→ **EXERCISE PROMPT**
Return, word for word, only the lines from the one containing "case: ltngtP =>" through the last line of the entries.

→ **INPUT DATA**

(* Let $n\ge1$ and $A$ a nonempty finite set. A graph $g\in\mathscr G_n(A)$ lies in the image of $\mu\colon\mathscr M_n(A)\to\mathscr G_n(A)$ if and only if for every directed path $a_0\to a_1\to\dots\to a_k$ in $g$ with $k\ge1$ there exists an index $0\le i<k$ such that all edges $a_p\to a_q$ with $p\le i<q$ have the same weight.
   Context: $\mathscr M_n(A)$: equivalence classes of planar rooted trees with leaf set $A$ and vertices labelled by $1,\dots,n$, modulo: all stumps equivalent; non-root stumps removable; edges between equally labelled vertices contractible; unary vertices removable. $\mathscr G_n(A)$ is the set of acyclic complete directed graphs on $A$ with weights in $\{1,\dots,n\}$ (each two-element subset carries exactly one directed weighted edge, and the directions form a linear order). $\mu(T)$ is the graph with edge $a\to b$ iff $a$ precedes $b$ in the planar order of the leaves of $T$, weighted by the label of the lowest vertex on the path from $a$ to $b$ in $T$. *)

From mathcomp Require Import all_boot.
Set Implicit Arguments. Unset Strict Implicit. Unset Printing Implicit Defensive.

(* Planar rooted trees: leaves carry elements of A; every (non-leaf) vertex
   carries a label (intended to lie in {1,...,n}); the children of a vertex
   are ordered (planar structure). *)
Inductive ptree (A : Type) : Type :=
| Leaf of A
| Node of nat & seq (ptree A).

Arguments Leaf {A} _.
Arguments Node {A} _ _.

Section Trees.
Variable A : finType.

Fixpoint leaves (t : ptree A) : seq A :=
  match t with
  | Leaf a => [:: a]
  | Node _ ts => flatten (map leaves ts)
  end.

Fixpoint labels_ok (n : nat) (t : ptree A) : bool :=
  match t with
  | Leaf _ => true
  | Node l ts => (1 <= l <= n) && all (labels_ok n) ts
  end.

Definition is_tree (n : nat) (t : ptree A) : bool :=
  labels_ok n t && uniq (leaves t) && perm_eq (leaves t) (enum A).

Fixpoint lca_label (t : ptree A) (a b : A) : nat :=
  match t with
  | Leaf _ => 0
  | Node l ts =>
      (fix go (us : seq (ptree A)) : nat :=
         match us with
         | [::] => l
         | u :: us' =>
             if (a \in leaves u) && (b \in leaves u) then lca_label u a b
             else go us'
         end) ts
  end.

(* A weighted directed graph on A: g a b = Some k iff there is an edge a -> b
   of weight k, and g a b = None iff there is no edge a -> b. *)
Definition wgraph := A -> A -> option nat.

(* membership in G_n(A): acyclic complete directed graph with weights in 1..n *)
Definition in_G (n : nat) (g : wgraph) : Prop :=
  [/\ forall a, g a a = None,
      forall a b, a != b -> (g a b != None) (+) (g b a != None),
      forall a b k, g a b = Some k -> 1 <= k <= n
    & forall a b c, g a b != None -> g b c != None -> g a c != None].

Definition mu (t : ptree A) : wgraph :=
  fun a b =>
    if a == b then None
    else if index a (leaves t) < index b (leaves t)
         then Some (lca_label t a b) else None.

Definition in_image_mu (n : nat) (g : wgraph) : Prop :=
  exists t : ptree A, is_tree n t /\ forall a b, mu t a b = g a b.

Definition path_condition (g : wgraph) : Prop :=
  forall (k : nat) (p : nat -> A), 1 <= k ->
    (forall j, j < k -> g (p j) (p j.+1) != None) ->
    exists2 i, i < k &
      exists c, forall x y, x <= i -> i < y -> y <= k -> g (p x) (p y) = Some c.

End Trees.

From mathcomp Require Import all_boot zify.
Set Implicit Arguments. Unset Strict Implicit. Unset Printing Implicit Defensive.

(* If mu t = g, let a_0 -> ... -> a_k be a path, i.e. leaves in increasing
   planar order, and let v be the lowest vertex above all of them.  The path
   leaves the child of v containing a_0 at some step i, and every edge crossing
   that step has its lowest vertex at v, hence the label of v as weight.
   Conversely, list A in the linear order given by g; the path condition
   applied to the whole list provides a cut, the two halves are realised
   recursively and grafted under a root labelled by the common weight across
   the cut. *)

Lemma index_cat_ltn_size (T : eqType) (s1 s2 : seq T) (x : T) :
  (index x (s1 ++ s2) < size s1) = (x \in s1).
Proof.
rewrite index_cat; case: ifP => [x_s1|_]; first by rewrite index_mem.
by rewrite ltnNge leq_addr.
Qed.

Lemma pairwise_index_ltn (T : eqType) (r : rel T) (s : seq T) (a b : T) :
  pairwise r s -> b \in s -> index a s < index b s -> r a b.
Proof.
move=> /(pairwiseP a) r_s b_s ab.
have a_s : a \in s by rewrite -index_mem (ltn_trans ab) ?index_mem.
by have := r_s (index a s) (index b s); rewrite !inE !index_mem !nth_index //; apply.
Qed.

Lemma allrel_take_drop (T : eqType) (r : rel T) (x0 : T) (s : seq T) (m : nat) :
  (forall x y, x < m -> m <= y -> y < size s -> r (nth x0 s x) (nth x0 s y)) ->
  allrel r (take m s) (drop m s).
Proof.
move=> r_cut; apply/allrelP => a b a_take b_drop.
have := a_take; rewrite -index_mem size_take_min => ia.
have := b_drop; rewrite -index_mem size_drop => ib.
rewrite -(nth_index x0 a_take) -(nth_index x0 b_drop) nth_take ?nth_drop; last lia.
apply: r_cut; lia.
Qed.

Lemma threshold_crossing (q : nat -> nat) (T k : nat) :
  q 0 < T -> T <= q k -> exists2 i, i < k & q i < T <= q i.+1.
Proof.
elim: k => [|k IHk] q0_T T_qk; first lia.
case: (leqP T (q k)) => [T_qk'|qk_T]; last by exists k => //; rewrite qk_T.
by have [i ik crosses] := IHk q0_T T_qk'; exists i => //; apply: ltnW.
Qed.

Lemma ltn_steps (f : nat -> nat) (k : nat) :
  (forall j, j < k -> f j < f j.+1) -> forall x y, x < y <= k -> f x < f y.
Proof.
move=> steps x; elim=> [//|y IHy] /andP[xy yk].
rewrite ltnS leq_eqVlt in xy; case/orP: xy => [/eqP->|xy]; first exact: steps.
by rewrite (ltn_trans (IHy _)) ?steps // xy ltnW.
Qed.

Section Trees.
Variable A : finType.
Implicit Types (t u : ptree A) (ts : seq (ptree A)) (a b : A).

Fixpoint ptree_ind_in (P : ptree A -> Prop) (P_Leaf : forall a, P (Leaf a))
    (P_Node : forall l ts, (forall u, List.In u ts -> P u) -> P (Node l ts)) t : P t :=
  match t with
  | Leaf a => P_Leaf a
  | Node l ts => P_Node l ts ((fix in_ts ts : forall u, List.In u ts -> P u :=
      match ts with
      | [::] => fun u (u_in : False) => False_ind (P u) u_in
      | v :: vs => fun u u_in => match u_in with
          | or_introl v_u => eq_ind v P (ptree_ind_in P_Leaf P_Node v) u v_u
          | or_intror u_vs => in_ts vs u u_vs end
      end) ts)
  end.

Lemma lca_label_cons l u ts a b :
  lca_label (Node l (u :: ts)) a b =
  if (a \in leaves u) && (b \in leaves u) then lca_label u a b
  else lca_label (Node l ts) a b.
Proof. by []. Qed.

Lemma lca_label_root l ts a b :
  a \notin leaves (Node l ts) -> lca_label (Node l ts) a b = l.
Proof.
elim: ts => [//|u ts IHts]; rewrite lca_label_cons /= mem_cat negb_or.
by case/andP=> /negbTE-> /IHts.
Qed.

Definition lca_cuts t : Prop :=
  uniq (leaves t) -> forall k (p : nat -> A), 0 < k ->
  (forall x y, x < y <= k -> index (p x) (leaves t) < index (p y) (leaves t)) ->
  exists2 i, i < k & exists c, forall x y, x <= i -> i < y -> y <= k ->
    lca_label t (p x) (p y) = c.

Lemma lca_cuts_nil l : lca_cuts (Node l [::]).
Proof. by move=> _ k p k_gt0 /(_ 0 k); rewrite k_gt0 leqnn ltnn => /(_ isT). Qed.

Lemma lca_cuts_cons l u ts :
  lca_cuts u -> lca_cuts (Node l ts) -> lca_cuts (Node l (u :: ts)).
Proof.
set L := leaves (Node l ts) => cuts_u cuts_L.
rewrite /lca_cuts [leaves _]/= -/L cat_uniq => /and3P[uniq_u u'L uniq_L] k p k_gt0 incr.
pose q j := index (p j) (leaves u ++ L).
have mono x y : x <= y -> y <= k -> q x <= q y.
  by rewrite leq_eqVlt => /orP[/eqP->//|xy yk]; apply/ltnW/incr; rewrite xy.
have in_u j : (p j \in leaves u) = (q j < size (leaves u)).
  by rewrite index_cat_ltn_size.
have q_u j : p j \in leaves u -> q j = index (p j) (leaves u).
  by rewrite /q index_cat => ->.
have q_L j : p j \notin leaves u -> q j = size (leaves u) + index (p j) L.
  by rewrite /q index_cat => /negbTE->.
case: (boolP (p 0 \in leaves u)) => [p0_u | p0'u]; last first.
  have p'u j : j <= k -> p j \notin leaves u.
    by move=> jk; rewrite in_u -leqNgt (leq_trans _ (mono 0 j _ jk)) ?q_L ?leq_addr.
  have incr_L x y : x < y <= k -> index (p x) L < index (p y) L.
    move=> xyk; have := incr x y xyk; case/andP: xyk => xy yk.
    by rewrite -/(q x) -/(q y) !q_L ?p'u ?ltn_add2l //; lia.
  have [i ik [c cut]] := cuts_L uniq_L k p k_gt0 incr_L.
  exists i => //; exists c => x y xi iy yk.
  by rewrite lca_label_cons (negbTE (p'u x _)) ?cut //; lia.
case: (boolP (p k \in leaves u)) => [pk_u | pk'u].
  have p_u j : j <= k -> p j \in leaves u.
    by move=> jk; rewrite in_u (leq_ltn_trans (mono j k jk _)) -?in_u.
  have incr_u x y : x < y <= k -> index (p x) (leaves u) < index (p y) (leaves u).
    by move=> xyk; rewrite -!q_u ?p_u ?incr //; case/andP: xyk => *; lia.
  have [i ik [c cut]] := cuts_u uniq_u k p k_gt0 incr_u.
  exists i => //; exists c => x y xi iy yk.
  by rewrite lca_label_cons !p_u ?cut //; lia.
(* The path leaves u at some step i; edges across it meet only at the root. *)
have q0_u : q 0 < size (leaves u) by rewrite -in_u.
have u_qk : size (leaves u) <= q k by rewrite leqNgt -in_u.
have [i ik /andP[qi_u u_qi1]] := threshold_crossing q0_u u_qk.
exists i => //; exists l => x y xi iy yk.
have px_u : p x \in leaves u by rewrite in_u (leq_ltn_trans (mono x i _ _)) //; lia.
have py'u : p y \notin leaves u by rewrite in_u -leqNgt (leq_trans u_qi1) ?mono.
rewrite lca_label_cons (negbTE py'u) andbF lca_label_root //.
by apply: contraL px_u; apply: (hasPn u'L).
Qed.

Lemma tree_lca_cuts t : lca_cuts t.
Proof.
elim/ptree_ind_in: t => [a|l ts cuts_ts].
  by move=> _ k p k_gt0 _; exists 0 => //; exists 0.
elim: ts cuts_ts => [_|u ts IHts cuts_ts]; first exact: lca_cuts_nil.
apply: lca_cuts_cons; first exact: cuts_ts (or_introl erefl).
by apply: IHts => v v_ts; apply: cuts_ts; right.
Qed.

Lemma mu_index_ltn t a b :
  index a (leaves t) < index b (leaves t) -> mu t a b = Some (lca_label t a b).
Proof.
by move=> ab; rewrite /mu ab; case: eqVneq => // a_b; rewrite a_b ltnn in ab.
Qed.

Lemma mu_neq_None t a b :
  (mu t a b != None) = (index a (leaves t) < index b (leaves t)).
Proof. by rewrite /mu; case: (eqVneq a b) => [->|_]; rewrite ?ltnn //; case: ifP. Qed.

Lemma eq_path_condition (g g' : wgraph A) :
  (forall a b, g a b = g' a b) -> path_condition g -> path_condition g'.
Proof.
move=> eq_g cuts k p k_gt0 edges.
have [|i ik [c cut]] := cuts k p k_gt0; first by move=> j jk; rewrite eq_g edges.
by exists i => //; exists c => x y xi iy yk; rewrite -eq_g cut.
Qed.

Lemma path_condition_mu t : uniq (leaves t) -> path_condition (mu t).
Proof.
move=> uniq_t k p k_gt0 edges.
have incr x y : x < y <= k -> index (p x) (leaves t) < index (p y) (leaves t).
  by apply: (ltn_steps (f := fun j => index (p j) (leaves t))) => j jk;
    rewrite -mu_neq_None edges.
have [i ik [c cut]] := tree_lca_cuts uniq_t k_gt0 incr.
exists i => //; exists c => x y xi iy yk.
by rewrite mu_index_ltn ?cut // incr //; apply/andP; split=> //; lia.
Qed.

Lemma pairwise_lca_Node (g : wgraph A) c t1 t2 :
  uniq (leaves t1 ++ leaves t2) ->
  allrel (fun a b => g a b == Some c) (leaves t1) (leaves t2) ->
  pairwise (fun a b => g a b == Some (lca_label t1 a b)) (leaves t1) ->
  pairwise (fun a b => g a b == Some (lca_label t2 a b)) (leaves t2) ->
  pairwise (fun a b => g a b == Some (lca_label (Node c [:: t1; t2]) a b))
    (leaves t1 ++ leaves t2).
Proof.
rewrite cat_uniq => /and3P[_ disj _] across in_t1 in_t2.
have t2'_t1 : {in leaves t2, forall a, a \notin leaves t1} by apply/hasPn.
have t1'_t2 a : a \in leaves t1 -> a \notin leaves t2.
  by apply: contraL => /t2'_t1.
rewrite pairwise_cat; apply/and3P; split.
- apply: sub_in_allrel (allss _) (allss _) across => a b a_t1 b_t2 /eqP-> /=.
  by rewrite (negbTE (t2'_t1 b b_t2)) andbF (negbTE (t1'_t2 a a_t1)).
- apply: sub_in_pairwise (allss _) in_t1 => a b a_t1 b_t1 /=.
  by rewrite a_t1 b_t1.
- apply: sub_in_pairwise (allss _) in_t2 => a b a_t2 b_t2 /=.
  by rewrite (negbTE (t2'_t1 a a_t2)) a_t2 b_t2.
Qed.

Lemma tree_of_chain (n : nat) (g : wgraph A) (s : seq A) :
  (forall a b k, g a b = Some k -> 1 <= k <= n) -> path_condition g ->
  s != [::] -> uniq s -> pairwise (fun a b => g a b != None) s ->
  exists t, [/\ labels_ok n t, leaves t = s &
    pairwise (fun a b => g a b == Some (lca_label t a b)) s].
Proof.
move=> g_weights cuts; have [m] := ubnP (size s); elim: m s => // m IHm.
case=> [//|x0 s0]; set s := x0 :: s0 => /ltnSE size_s _ uniq_s chain_s.
have size_sE : size s = (size s0).+1 by [].
have [s0_nil|k_gt0] := posnP (size s0).
  by exists (Leaf x0); rewrite /s (size0nil s0_nil).
have [|i ik [c cut]] := cuts (size s0) (nth x0 s) k_gt0.
  by move=> j jk; apply: (pairwiseP x0 chain_s) => //; rewrite inE /=; lia.
have s_cut : s = take i.+1 s ++ drop i.+1 s by rewrite cat_take_drop.
have chain1 := subseq_pairwise (take_subseq s i.+1) chain_s.
have chain2 := subseq_pairwise (drop_subseq s i.+1) chain_s.
have [||t1 [ok1 leaves1 lca1]] := IHm _ _ _ (take_uniq i.+1 uniq_s) chain1 => //.
  by rewrite size_take_min; lia.
have [||t2 [ok2 leaves2 lca2]] := IHm _ _ _ (drop_uniq i.+1 uniq_s) chain2.
- by rewrite size_drop; lia.
- by rewrite -size_eq0 size_drop /=; lia.
exists (Node c [:: t1; t2]); split.
- by rewrite /= ok1 ok2 (g_weights _ _ _ (cut 0 (size s0) _ _ _)).
- by rewrite /= leaves1 leaves2 cats0 -s_cut.
have -> : s = leaves t1 ++ leaves t2 by rewrite leaves1 leaves2 -s_cut.
apply: pairwise_lca_Node; rewrite ?leaves1 ?leaves2 -?s_cut //.
by apply: allrel_take_drop => x y xi iy ys; apply/eqP/cut => //; rewrite /= in ys; lia.
Qed.

Lemma in_G_chain_enum (n : nat) (g : wgraph A) :
  in_G n g -> exists2 s, perm_eq s (enum A) & pairwise (fun a b => g a b != None) s.
Proof.
case=> _ g_xor _ g_trans.
pose le a b := (a == b) || (g a b != None).
have le_total : total le.
  move=> a b; rewrite /le; case: (eqVneq a b) => [->|a_b]; rewrite ?eqxx //=.
  by move: (g_xor a b a_b); case: (g a b) => [?|]; case: (g b a).
have le_trans : transitive le.
  move=> b a c; rewrite /le => /orP[/eqP->|ab] //.
  case/orP=> [/eqP<-|bc]; first by rewrite ab orbT.
  by rewrite (g_trans _ _ _ ab bc) orbT.
exists (sort le (enum A)); first by rewrite perm_sort.
have : pairwise [rel a b | le a b && (a != b)] (sort le (enum A)).
  rewrite pairwise_relI -sorted_pairwise ?sort_sorted //.
  by rewrite -uniq_pairwise sort_uniq enum_uniq.
by apply: sub_pairwise => a b /andP[/orP[/eqP->|//]]; rewrite eqxx.
Qed.

Lemma path_condition_in_image_mu (n : nat) (g : wgraph A) (x0 : A) :
  in_G n g -> path_condition g -> in_image_mu n g.
Proof.
move=> g_G cuts; have [s s_enum chain_s] := in_G_chain_enum g_G.
case: g_G => g_irr g_xor g_weights _.
have s_A a : a \in s by rewrite (perm_mem s_enum) mem_enum.
have uniq_s : uniq s by rewrite (perm_uniq s_enum) enum_uniq.
have s_nil : s != [::] by apply: contraTneq (s_A x0) => ->.
have [t [ok_t leaves_t lca_t]] := tree_of_chain g_weights cuts s_nil uniq_s chain_s.
exists t; split; first by rewrite /is_tree ok_t leaves_t uniq_s s_enum.
move=> a b; rewrite /mu leaves_t.
case: (eqVneq a b) => [<-|a_b]; first by rewrite g_irr.
case: ltngtP => [ab|ba|/(index_inj a (s_A a) (s_A b))/eqP]; last by rewrite (negbTE a_b).
- by rewrite (eqP (pairwise_index_ltn lca_t (s_A b) ab)).
- move: (g_xor a b a_b); rewrite (pairwise_index_ltn chain_s (s_A a) ba).
  by case: (g a b).
Qed.

End Trees.

Theorem mainTheorem17 (n : nat) (A : finType) (g : wgraph A) :
  1 <= n -> 0 < #|A| -> in_G n g ->
  (in_image_mu n g <-> path_condition g).
Proof.
move=> _ /card_gt0P[x0 _] g_G; split; last exact: path_condition_in_image_mu.
case=> t [/andP[/andP[_ uniq_t] _] mu_g].
exact: eq_path_condition mu_g (path_condition_mu uniq_t).
Qed.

→ **WRITTEN RESPONSE**
case: ltngtP => [ab|ba|/(index_inj a (s_A a) (s_A b))/eqP]; last by rewrite (negbTE a_b).
- by rewrite (eqP (pairwise_index_ltn lca_t (s_A b) ab)).
- move: (g_xor a b a_b); rewrite (pairwise_index_ltn chain_s (s_A a) ba).
  by case: (g a b).
Qed.

End Trees.

Theorem mainTheorem17 (n : nat) (A : finType) (g : wgraph A) :
  1 <= n -> 0 < #|A| -> in_G n g ->
  (in_image_mu n g <-> path_condition g).
Proof.
move=> _ /card_gt0P[x0 _] g_G; split; last exact: path_condition_in_image_mu.
case=> t [/andP[/andP[_ uniq_t] _] mu_g].
exact: eq_path_condition mu_g (path_condition_mu uniq_t).
Qed.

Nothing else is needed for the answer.